# Trolls



## Administrador (23 Dez 2011 às 19:30)

*Trolls*

Um troll na gíria da Internet designa uma pessoa cujo comportamento tende sistematicamente a desestabilizar uma discussão online, provocar e enfurecer as pessoas envolvidas nelas, com o objectivo de gerar uma ruptura no ambiente civilizado de debate na comunidade online. Geralmente actuam por mero prazer de ver a ruptura da discussão, auto-afirmação, obsessão, discordância, vingança, ideologia, fanatismo ou ociosidade. Muitas vezes trata-se mesmo de uma condição de sociopatia, transtorno de personalidade anti-social, mais ou menos severo, conforme estudos recentes indicam.

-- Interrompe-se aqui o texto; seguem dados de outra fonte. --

Lemma Zfloor_close x y : Rabs (x - y) < 1 -> (Z.abs (Zfloor x - Zfloor y) <= 1)%Z.
Proof.
  intros Hxy. apply Rabs_def2 in Hxy.
  pose proof (Zfloor_bound x). pose proof (Zfloor_bound y).
  assert (Hxy2 : IZR (Zfloor x) < IZR (Zfloor y + 2)) by (rewrite plus_IZR; lra).
  assert (Hyx2 : IZR (Zfloor y) < IZR (Zfloor x + 2)) by (rewrite plus_IZR; lra).
  apply lt_IZR in Hxy2. apply lt_IZR in Hyx2. lia.
Qed.

Lemma Zfloor_scaled_close s x y :
  0 < s -> Rabs (y - x) < / s -> (Z.abs (Zfloor (s * y) - Zfloor (s * x)) <= 1)%Z.
Proof.
  intros Hs Hxy. apply Zfloor_close.
  rewrite <- Rmult_minus_distr_l, Rabs_mult, (Rabs_pos_eq s) by lra.
  apply (Rmult_lt_compat_l s) in Hxy; [|exact Hs]. rewrite Rinv_r in Hxy; lra.
Qed.

Definition diff_le (f : Z -> R) (d : R) : Prop :=
  forall i : Z, Rabs (f (i + 1)%Z - f i) <= d.

Lemma diff_le_nonneg f d : diff_le f d -> 0 <= d.
Proof. intros H. eapply Rle_trans; [apply Rabs_pos|apply (H 0%Z)]. Qed.

Lemma diff_le_bounded f M : (forall j, Rabs (f j) <= M) -> diff_le f (2 * M).
Proof.
  intros HM i. unfold Rminus. eapply Rle_trans; [apply Rabs_triang|].
  rewrite Rabs_Ropp. pose proof (HM (i + 1)%Z). pose proof (HM i). lra.
Qed.

Lemma diff_le_shift_nat f d q (m : nat) :
  diff_le f d -> Rabs (f (q + Z.of_nat m)%Z - f q) <= INR m * d.
Proof.
  intros H. induction m.
  - rewrite Z.add_0_r, Rminus_diag, Rabs_R0. simpl; lra.
  - rewrite S_INR, Nat2Z.inj_succ, <- Z.add_1_r, Z.add_assoc.
    replace (f (q + Z.of_nat m + 1)%Z - f q) with
      ((f (q + Z.of_nat m + 1)%Z - f (q + Z.of_nat m)%Z) + (f (q + Z.of_nat m)%Z - f q)) by ring.
    eapply Rle_trans; [apply Rabs_triang|]. specialize (H (q + Z.of_nat m)%Z). lra.
Qed.

Lemma diff_le_shift f d q m :
  diff_le f d -> Rabs (f (q + m)%Z - f q) <= IZR (Z.abs m) * d.
Proof.
  intros H. destruct (Z_le_gt_dec 0 m).
  - pose proof (diff_le_shift_nat f d q (Z.to_nat m) H) as Hm.
    rewrite INR_IZR_INZ, Z2Nat.id in Hm by lia. rewrite Z.abs_eq by lia. exact Hm.
  - pose proof (diff_le_shift_nat f d (q + m) (Z.to_nat (- m)) H) as Hm.
    rewrite Z2Nat.id in Hm by lia. rewrite INR_IZR_INZ, Z2Nat.id in Hm by lia.
    replace (q + m + - m)%Z with q in Hm by lia.
    rewrite Rabs_minus_sym, Z.abs_neq by lia. exact Hm.
Qed.

Lemma diff_le_adjacent f d i j :
  diff_le f d -> (Z.abs (i - j) <= 1)%Z -> Rabs (f i - f j) <= d.
Proof.
  intros H Hij. pose proof (diff_le_shift f d j (i - j) H) as Hs.
  replace (j + (i - j))%Z with i in Hs by lia.
  pose proof (diff_le_nonneg f d H). apply IZR_le in Hij. nra.
Qed.

Lemma is_lim_seq_geom_scal c g : 0 <= g < 1 -> is_lim_seq (fun k => c * g ^ k) 0.
Proof.
  intros Hg. replace (Finite 0) with (Rbar_mult c 0) by (simpl; f_equal; ring).
  apply is_lim_seq_scal_l, is_lim_seq_geom. rewrite Rabs_pos_eq; lra.
Qed.

Lemma is_lim_seq_eventually_lt b e :
  is_lim_seq b 0 -> 0 < e -> exists K : nat, forall k, (K <= k)%nat -> b k < e.
Proof.
  intros Hb He. apply is_lim_seq_spec in Hb. destruct (Hb (mkposreal e He)) as [K HK].
  exists K. intros k Hk. specialize (HK k Hk). simpl in HK. apply Rabs_def2 in HK. lra.
Qed.

Lemma geometric_cauchy_limit (G : nat -> R -> R) c g :
  0 <= c -> 0 <= g < 1 ->
  (forall k x, Rabs (G (S k) x - G k x) <= c * g ^ k) ->
  exists F : R -> R, forall k x, Rabs (G k x - F x) <= c / (1 - g) * g ^ k.
Proof.
  intros Hc Hg Hstep. set (T := c / (1 - g)).
  assert (HT : 0 <= T) by (apply Rdiv_le_0_compat; lra).
  assert (Htail : forall k p x, Rabs (G (p + k)%nat x - G k x) <= T * g ^ k * (1 - g ^ p)).
  { intros k p x. induction p.
    - simpl. rewrite Rminus_diag, Rabs_R0. lra.
    - replace (G (S p + k)%nat x - G k x)
        with ((G (S (p + k)) x - G (p + k)%nat x) + (G (p + k)%nat x - G k x)) by (simpl; ring).
      eapply Rle_trans; [apply Rabs_triang|].
      eapply Rle_trans; [apply Rplus_le_compat; [apply Hstep|apply IHp]|].
      right. unfold T. rewrite pow_add. simpl. field. lra. }
  assert (Hbound : forall k m x, (k <= m)%nat -> Rabs (G m x - G k x) <= T * g ^ k).
  { intros k m x Hkm. replace m with (m - k + k)%nat by lia.
    eapply Rle_trans; [apply Htail|].
    assert (0 <= T * g ^ k) by (apply Rmult_le_pos; [|apply pow_le]; lra).
    pose proof (pow_le g (m - k) ltac:(lra)). nra. }
  assert (Hcv : forall x, ex_finite_lim_seq (fun k => G k x)).
  { intros x. apply ex_lim_seq_cauchy_corr. intros e.
    destruct (is_lim_seq_eventually_lt (fun k => 2 * T * g ^ k) e) as [K HK].
    { apply is_lim_seq_geom_scal; lra. } { apply cond_pos. }
    exists K. intros n m Hn Hm. specialize (HK K (le_n K)).
    replace (G n x - G m x) with ((G n x - G K x) - (G m x - G K x)) by ring.
    eapply Rle_lt_trans; [apply Rabs_triang|]. rewrite Rabs_Ropp.
    pose proof (Hbound K n x Hn). pose proof (Hbound K m x Hm). lra. }
  exists (fun x => real (Lim_seq (fun k => G k x))). intros k x.
  assert (Hlim : is_lim_seq (fun m => Rabs (G m x - G k x))
                   (Rabs (real (Lim_seq (fun m => G m x)) - G k x))).
  { apply (is_lim_seq_abs _ (Finite _)), is_lim_seq_minus'; [|apply is_lim_seq_const].
    destruct (Hcv x) as [l Hl]. rewrite (is_lim_seq_unique _ _ Hl). exact Hl. }
  rewrite Rabs_minus_sym. fold T.
  apply (is_lim_seq_le_loc _ (fun _ => T * g ^ k) _ _ (ex_intro _ k (fun m Hm => Hbound k m x Hm))
           Hlim (is_lim_seq_const _)).
Qed.

Lemma continuity_of_uniform_limit (G : nat -> R -> R) (F : R -> R) (b delta : nat -> R) :
  is_lim_seq b 0 -> (forall k, 0 < delta k) ->
  (forall k x, Rabs (G k x - F x) <= b k) ->
  (forall k x y, Rabs (y - x) < delta k -> Rabs (G k y - G k x) <= b k) ->
  continuity F.
Proof.
  intros Hb Hdelta HGF Hosc x e He.
  destruct (is_lim_seq_eventually_lt b (e / 3) Hb) as [K HK]; [lra|].
  exists (delta K). split; [apply Hdelta|]. intros y [_ Hy]. simpl in *. unfold R_dist in *.
  specialize (HK K (le_n K)).
  pose proof (HGF K y). pose proof (HGF K x). pose proof (Hosc K x y Hy).
  replace (F y - F x) with (- (G K y - F y) + (G K y - G K x) + (G K x - F x)) by ring.
  eapply Rle_lt_trans.
  { eapply Rle_trans; [apply Rabs_triang|apply Rplus_le_compat_r, Rabs_triang]. }
  rewrite Rabs_Ropp. lra.
Qed.

Section ContractiveScheme.
(* Consider $K$ patches in an environment alternating periodically $e_1,e_2,e_1,e_2,\dots$ (state $e_1$ at even generations). Assume $\mathbb E(N_i(w)\log^+N_i(w))<\infty$ and $m_i(w)>0$ for all $i$ and $w\in\{e_1,e_2\}$, and that $D$ is irreducible and aperiodic. Let $\rho>0$ be such that $\rho^2$ is the maximal (Perron) eigenvalue of the two-generation mean matrix $A^{(2)}$ with entries $a_{ij}=\sum_{k=1}^K m_i(e_1)d_{ik}m_k(e_2)d_{kj}$. Then $$ 2\log\rho=\max\{R(f)-I(f): f\in\mathcal F_{\mathcal E}\}. $$
   Context: Model with environment: at each generation, every individual in patch $i$ independently produces $N_i(w)$ offspring, $w$ being the current environment state, with mean $m_i(w)$; each offspring independently moves from $i$ to $j$ with probability $d_{ij}$ ($D$ stochastic, environment-independent). $(X_n)$ is the Markov chain with transition matrix $D$. $\mathcal E:=\{1,\dots,K\}^2$ (ordered pairs of patches) and $B$ is the transition matrix of the Markov chain $(X_{2n},X_{2n+1})_{n\ge0}$ on $\mathcal E$, i.e. $B_{(i,j),(k,l)}=d_{jk}d_{kl}$. $\mathcal F_{\mathcal E}:=\{(f_E)_{E\in\mathcal E}: f_E\ge0,\ \sum_Ef_E=1\}$. For $f\in\mathcal F_{\mathcal E}$: $I(f):=\sup\{\sum_{E\in\mathcal E}f_E\log(v_E/(vB)_E): v=(v_E)_{E\in\mathcal E},\ v_E>0\ \forall E\}$ (possibly $+\infty$) and $R(f):=\sum_{E=(i,j)\in\mathcal E}f_E\log\big(m_i(e_1)m_j(e_2)\big)$. *)

From Stdlib Require Import Reals Lra Lia ZArith.
Open Scope R_scope.
(* Let $X\in\mathbb{R}^{d\times d}$ be positive definite with eigenvalues $\gamma_1\geqslant\dots\geqslant\gamma_d$ satisfying $\lambda\leqslant\gamma_i\leqslant\Lambda$, where $0<\lambda\leqslant\Lambda$. Set $\mu=\frac{4}{(\sqrt\lambda+\sqrt\Lambda)^2}$, $\beta=\big(\frac{\sqrt\Lambda-\sqrt\lambda}{\sqrt\Lambda+\sqrt\lambda}\big)^2$, and for $i\in\{1,\dots,d\}$ let $X^{(i)}_{\mu,\beta}=\begin{bmatrix}1+\beta-\mu\gamma_i & -\beta\\ 1 & 0\end{bmatrix}$. Then $$\max_{i\in\{1,\dots,d\}}\frac{\|X^{(i)}_{\mu,\beta}\|_2^2}{\|(X^{(i)}_{\mu,\beta})^2\|_2}\leqslant\frac1\beta\,(1+4\beta+\beta^2).$$ *)

From HB Require Import structures.
From mathcomp Require Import all_boot all_order all_algebra.
From mathcomp Require Import boolp classical_sets reals.
Set Implicit Arguments. Unset Strict Implicit. Unset Printing Implicit Defensive.
Import Order.TTheory GRing.Theory Num.Theory.
Local Open Scope ring_scope.
Local Open Scope classical_set_scope.

Definition vnorm2 {R : realType} {n : nat} (v : 'cV[R]_n) : R :=
  Num.sqrt (\sum_(i < n) (v i 0) ^+ 2).

Definition spec_norm {R : realType} {m n : nat} (A : 'M[R]_(m, n)) : R :=
  sup [set vnorm2 (A *m v) | v in [set v : 'cV[R]_n | vnorm2 v <= 1]].

Definition posdef {R : realType} {d : nat} (X : 'M[R]_d) : Prop :=
  X^T = X /\ forall v : 'cV[R]_d, v != 0 -> 0 < (v^T *m X *m v) 0 0.

Definition hb_mat {R : realType} (mu beta g : R) : 'M[R]_2 :=
  \matrix_(i < 2, j < 2)
    if (i : nat) == 0%N then (if (j : nat) == 0%N then 1 + beta - mu * g else - beta)
    else (if (j : nat) == 0%N then 1 else 0).

From HB Require Import structures.
From mathcomp Require Import all_boot all_order all_algebra.
From mathcomp Require Import boolp classical_sets reals.
From mathcomp Require Import ring lra.
Import Order.TTheory GRing.Theory Num.Theory.
Local Open Scope ring_scope.

(* The spectral norm is squeezed between an entry and the Frobenius norm.  For
   A = hb_mat mu beta g this gives ||A||^2 <= a^2 + beta^2 + 1 with
   a = 1 + beta - mu g, and ||A^2|| >= |(A^2)_{22}| = beta.  The tuning of mu
   and beta makes a^2 <= 4 beta for every g in [lam, Lam], whence the ratio
   is at most (1 + 4 beta + beta^2) / beta. *)

Lemma sum_CauchySchwarz (R : realDomainType) (I : finType) (a b : I -> R) :
  (\sum_i a i * b i) ^+ 2 <= (\sum_i a i ^+ 2) * (\sum_i b i ^+ 2).
Proof.
have expand i j : (a i * b j - a j * b i) ^+ 2
    = a i ^+ 2 * b j ^+ 2 + a j ^+ 2 * b i ^+ 2 - (a i * b i) * (a j * b j) *+ 2.
  by rewrite mulr2n; ring.
have lagrange : \sum_i \sum_j (a i * b j - a j * b i) ^+ 2
    = ((\sum_i a i ^+ 2) * (\sum_i b i ^+ 2) - (\sum_i a i * b i) ^+ 2) *+ 2.
  under eq_bigr do under eq_bigr do rewrite expand.
  under eq_bigr do rewrite sumrB big_split sumrMnl /=.
  rewrite sumrB big_split sumrMnl /= [X in _ + X - _]exchange_big /=.
  by rewrite expr2 !big_distrlr /= mulrnBl mulr2n.
have : 0 <= \sum_i \sum_j (a i * b j - a j * b i) ^+ 2.
  by do 2!apply: sumr_ge0 => ? _; rewrite sqr_ge0.
by rewrite lagrange pmulrn_lge0 // subr_ge0.
Qed.

Section SpectralNorm.
Context {R : realType} {m n : nat}.
Implicit Types (M : 'M[R]_(m, n)) (v : 'cV[R]_n).

Definition frobenius_sq M := \sum_i \sum_j M i j ^+ 2.

Lemma frobenius_sq_ge0 M : 0 <= frobenius_sq M.
Proof. by do 2!apply: sumr_ge0 => ? _; rewrite sqr_ge0. Qed.

Lemma vnorm2_0 : vnorm2 (0 : 'cV[R]_n) = 0.
Proof. by rewrite /vnorm2 big1 ?sqrtr0 // => i _; rewrite mxE expr0n. Qed.

Lemma vnorm2_delta j : vnorm2 (delta_mx j 0 : 'cV[R]_n) = 1.
Proof.
rewrite /vnorm2 (bigD1 j) //= big1 => [|i /negPf ij]; rewrite mxE ?ij //=.
  by rewrite !eqxx expr1n addr0 sqrtr1.
by rewrite expr0n.
Qed.

Lemma vnorm2_mulmx_le M v :
  vnorm2 (M *m v) <= Num.sqrt (frobenius_sq M) * vnorm2 v.
Proof.
rewrite /vnorm2 -sqrtrM ?frobenius_sq_ge0 // ler_sqrt; last first.
  by rewrite mulr_ge0 ?frobenius_sq_ge0 // sumr_ge0 // => i _; rewrite sqr_ge0.
rewrite /frobenius_sq mulr_suml; apply: ler_sum => i _.
by rewrite mxE; apply: sum_CauchySchwarz.
Qed.

Lemma vnorm2_mulmx_bounded M v :
  vnorm2 v <= 1 -> vnorm2 (M *m v) <= Num.sqrt (frobenius_sq M).
Proof.
move=> v_le1; apply: le_trans (vnorm2_mulmx_le M v) _.
by rewrite ler_piMr ?sqrtr_ge0.
Qed.

Lemma spec_norm_le_frobenius M : spec_norm M <= Num.sqrt (frobenius_sq M).
Proof.
apply: ge_sup; first by exists (vnorm2 (M *m 0)), 0; rewrite //= vnorm2_0.
by move=> _ [v v_le1 <-]; apply: vnorm2_mulmx_bounded.
Qed.

Lemma vnorm2_mulmx_le_spec_norm M v :
  vnorm2 v <= 1 -> vnorm2 (M *m v) <= spec_norm M.
Proof.
move=> v_le1; apply: sup_upper_bound; last by exists v.
split; first by exists (vnorm2 (M *m v)), v.
exists (Num.sqrt (frobenius_sq M)) => _ [w w_le1 <-].
exact: vnorm2_mulmx_bounded.
Qed.

Lemma spec_norm_ge0 M : 0 <= spec_norm M.
Proof.
apply: le_trans (vnorm2_mulmx_le_spec_norm M (0 : 'cV_n) _).
  exact: sqrtr_ge0.
by rewrite vnorm2_0.
Qed.

Lemma spec_norm0 : spec_norm (0 : 'M[R]_(m, n)) = 0.
Proof.
apply/eqP; rewrite eq_le spec_norm_ge0 andbT.
apply: le_trans (spec_norm_le_frobenius 0) _.
rewrite /frobenius_sq big1 ?sqrtr0 // => i _.
by rewrite big1 // => j _; rewrite mxE expr0n.
Qed.

Lemma entry_le_spec_norm M i j : `|M i j| <= spec_norm M.
Proof.
apply: le_trans (vnorm2_mulmx_le_spec_norm M (delta_mx j 0) _); last first.
  by rewrite vnorm2_delta.
rewrite -colE /vnorm2 (bigD1 i) //= -sqrtr_sqr ler_sqrt; last first.
  by rewrite addr_ge0 ?sqr_ge0 ?sumr_ge0 // => k _; rewrite sqr_ge0.
by rewrite mxE lerDl sumr_ge0 // => k _; rewrite sqr_ge0.
Qed.

End SpectralNorm.

Section HeavyBallMatrix.
Variables (R : realType) (mu beta g : R).

Let A := hb_mat mu beta g.

Lemma frobenius_sq_hb_mat :
  frobenius_sq A = (1 + beta - mu * g) ^+ 2 + beta ^+ 2 + 1.
Proof. by rewrite /frobenius_sq !big_ord_recr !big_ord0 /= !mxE /=; ring. Qed.

Lemma sqr_hb_mat11 : (A *m A) 1 1 = - beta.
Proof. by rewrite mxE !big_ord_recr big_ord0 /= !mxE /=; ring. Qed.

Lemma sqr_hb_mat_eq0 : beta = 0 -> mu * g = 1 -> A *m A = 0.
Proof.
move=> beta0 mug1; apply/matrixP => i j.
rewrite !mxE !big_ord_recr big_ord0 /= !mxE /= beta0 mug1.
by case: i j => [[|[|//]] ?] [[|[|//]] ?] /=; ring.
Qed.

Lemma spec_norm_hb_mat_sqr_le :
  (1 + beta - mu * g) ^+ 2 <= 4 * beta ->
  spec_norm A ^+ 2 <= 1 + 4 * beta + beta ^+ 2.
Proof.
move=> trace_le; have frob_ge0 := frobenius_sq_ge0 A.
have : spec_norm A ^+ 2 <= frobenius_sq A.
  rewrite -(sqr_sqrtr frob_ge0) ler_sqr ?nnegrE ?spec_norm_ge0 ?sqrtr_ge0 //.
  exact: spec_norm_le_frobenius.
rewrite frobenius_sq_hb_mat; lra.
Qed.

Lemma spec_norm_sqr_hb_mat_ge : 0 <= beta -> beta <= spec_norm (A *m A).
Proof.
move=> beta_ge0; have := entry_le_spec_norm (A *m A) 1 1.
by rewrite sqr_hb_mat11 normrN ger0_norm.
Qed.

Lemma hb_mat_ratio_le :
  0 <= beta -> (1 + beta - mu * g) ^+ 2 <= 4 * beta ->
  spec_norm A ^+ 2 / spec_norm (A *m A) <= beta^-1 * (1 + 4 * beta + beta ^+ 2).
Proof.
move=> beta_ge0 trace_le.
have [beta0|beta_neq0] := eqVneq beta 0.
  have mug1 : mu * g = 1.
    apply/eqP; rewrite -subr_eq0 -sqrf_eq0 eq_le sqr_ge0 andbT.
    by move: trace_le; rewrite beta0 addr0 mulr0 -sqrrN opprB.
  by rewrite sqr_hb_mat_eq0 // spec_norm0 beta0 !invr0 !mulr0 mul0r.
have beta_gt0 : 0 < beta by rewrite lt_def beta_neq0.
have AA_ge := spec_norm_sqr_hb_mat_ge beta_ge0.
rewrite ler_pdivrMr ?(lt_le_trans beta_gt0) //.
apply: le_trans (spec_norm_hb_mat_sqr_le trace_le) _.
rewrite mulrAC -[leLHS]mul1r ler_wpM2r ?addr_ge0 ?sqr_ge0 ?mulr_ge0 //.
by rewrite mulrC ler_pdivlMr ?mul1r.
Qed.

End HeavyBallMatrix.

(* a^2 <= 4 beta, with a the trace of hb_mat, says that its characteristic
   polynomial X^2 - a X + beta has complex roots of modulus sqrt beta: mu and
   beta are tuned so that this holds across the whole spectrum [s^2, t^2]. *)
Lemma hb_trace_sqr_le (R : realFieldType) (s t g : R) :
  0 < s -> s <= t -> s ^+ 2 <= g <= t ^+ 2 ->
  (1 + ((t - s) / (t + s)) ^+ 2 - 4 / (s + t) ^+ 2 * g) ^+ 2
    <= 4 * ((t - s) / (t + s)) ^+ 2.
Proof.
move=> s_gt0 s_le_t /andP[g_ge g_le]; rewrite [s + t]addrC.
have p_gt0 : 0 < t + s by lra.
have p_neq0 : t + s != 0 by rewrite gt_eqF.
set k := 2 * t ^+ 2 + 2 * s ^+ 2 - 4 * g.
have -> : 1 + ((t - s) / (t + s)) ^+ 2 - 4 / (t + s) ^+ 2 * g = k / (t + s) ^+ 2.
  by rewrite /k; field.
have -> : 4 * ((t - s) / (t + s)) ^+ 2
    = (2 * (t - s) * (t + s)) ^+ 2 / ((t + s) ^+ 2) ^+ 2 by field.
rewrite expr_div_n ler_pM2r ?invr_gt0 ?exprn_gt0 //.
rewrite -subr_ge0 (_ : _ - _ = 16 * ((g - s ^+ 2) * (t ^+ 2 - g))).
  by rewrite mulr_ge0 // mulr_ge0 // !subr_ge0.
by rewrite /k; ring.
Qed.

Theorem lemmaA4 (R : realType) (d : nat) (X : 'M[R]_d) (gamma : 'I_d -> R)
    (lam Lam : R) :
  posdef X ->
  char_poly X = \prod_(i < d) ('X - (gamma i)%:P) ->
  (forall i j : 'I_d, (i <= j)%N -> gamma j <= gamma i) ->
  0 < lam -> lam <= Lam ->
  (forall i : 'I_d, lam <= gamma i <= Lam) ->
  let mu := 4 / (Num.sqrt lam + Num.sqrt Lam) ^+ 2 in
  let beta := ((Num.sqrt Lam - Num.sqrt lam) / (Num.sqrt Lam + Num.sqrt lam)) ^+ 2 in
  \big[Num.max/0]_(i < d)
     (spec_norm (hb_mat mu beta (gamma i)) ^+ 2
        / spec_norm (hb_mat mu beta (gamma i) *m hb_mat mu beta (gamma i)))
  <= beta^-1 * (1 + 4 * beta + beta ^+ 2).
Proof.
move=> _ _ _ lam_gt0 lam_le_Lam gamma_in; cbv zeta.
set mu := 4 / _; set beta := (_ / _) ^+ 2.
have beta_ge0 : 0 <= beta by rewrite sqr_ge0.
have trace_le i : (1 + beta - mu * gamma i) ^+ 2 <= 4 * beta.
  have Lam_gt0 := lt_le_trans lam_gt0 lam_le_Lam.
  apply: hb_trace_sqr_le; rewrite ?sqrtr_gt0 ?ler_wsqrtr //.
  by rewrite !sqr_sqrtr ?gamma_in ?ltW.
clearbody mu beta; apply: bigmax_le => [|i _]; last exact: hb_mat_ratio_le.
by rewrite mulr_ge0 ?invr_ge0 // !addr_ge0 ?sqr_ge0 ?mulr_ge0.
Qed.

*O comportamento típico do troll é:*

- Escrever uma mensagem polémica e desaparecer, ficando a assistir divertido ao mau ambiente entretanto gerado. 
- Induzir o baixo nível levando outros utilizadores a perder a paciência e o bom senso acabando também estes por descer o nível "queimando-se" junto da comunidade ao violarem as regras.
- Repetição de falácias até levar seu interlocutor à exaustão, para vencer a discussão por abandono do(s) oponente(s).
- Desfile intelectual em que o troll faz longo desfile de conhecimentos ou aparentes conhecimentos, referências e siglas tentando inferiorizar o seu interlocutor junto da comunidade.
- Ludibriar o leitor usando textos e referências externas como artigos em sites de veracidade ou proveniência duvidosa.


*Combate*
Para combater trolls de forma eficiente, aos utilizadores e frequentadores de comunidades online apenas uma grande eficiente regra: Não alimente os trolls. (do inglês Don't feed the trolls). Significa ignorar completamente alguém que se comporta como troll mesmo que a vontade de responder seja grande. Um troll não tem nada a perder, ele vai sempre voltar e incomodar - ele necessita de atenção para obter prazer e ser bem sucedido. Ignorando um troll os utilizadores não apenas intimidam seu acto como também provocam frustração nele. Isso nem sempre é fácil e exige às vezes muito esforço da comunidade por meses mas o método é eficiente. Se absolutamente ninguém der atenção ao troll, ele desiste de actuar por desgosto de não conseguir resposta às suas provocações.


----------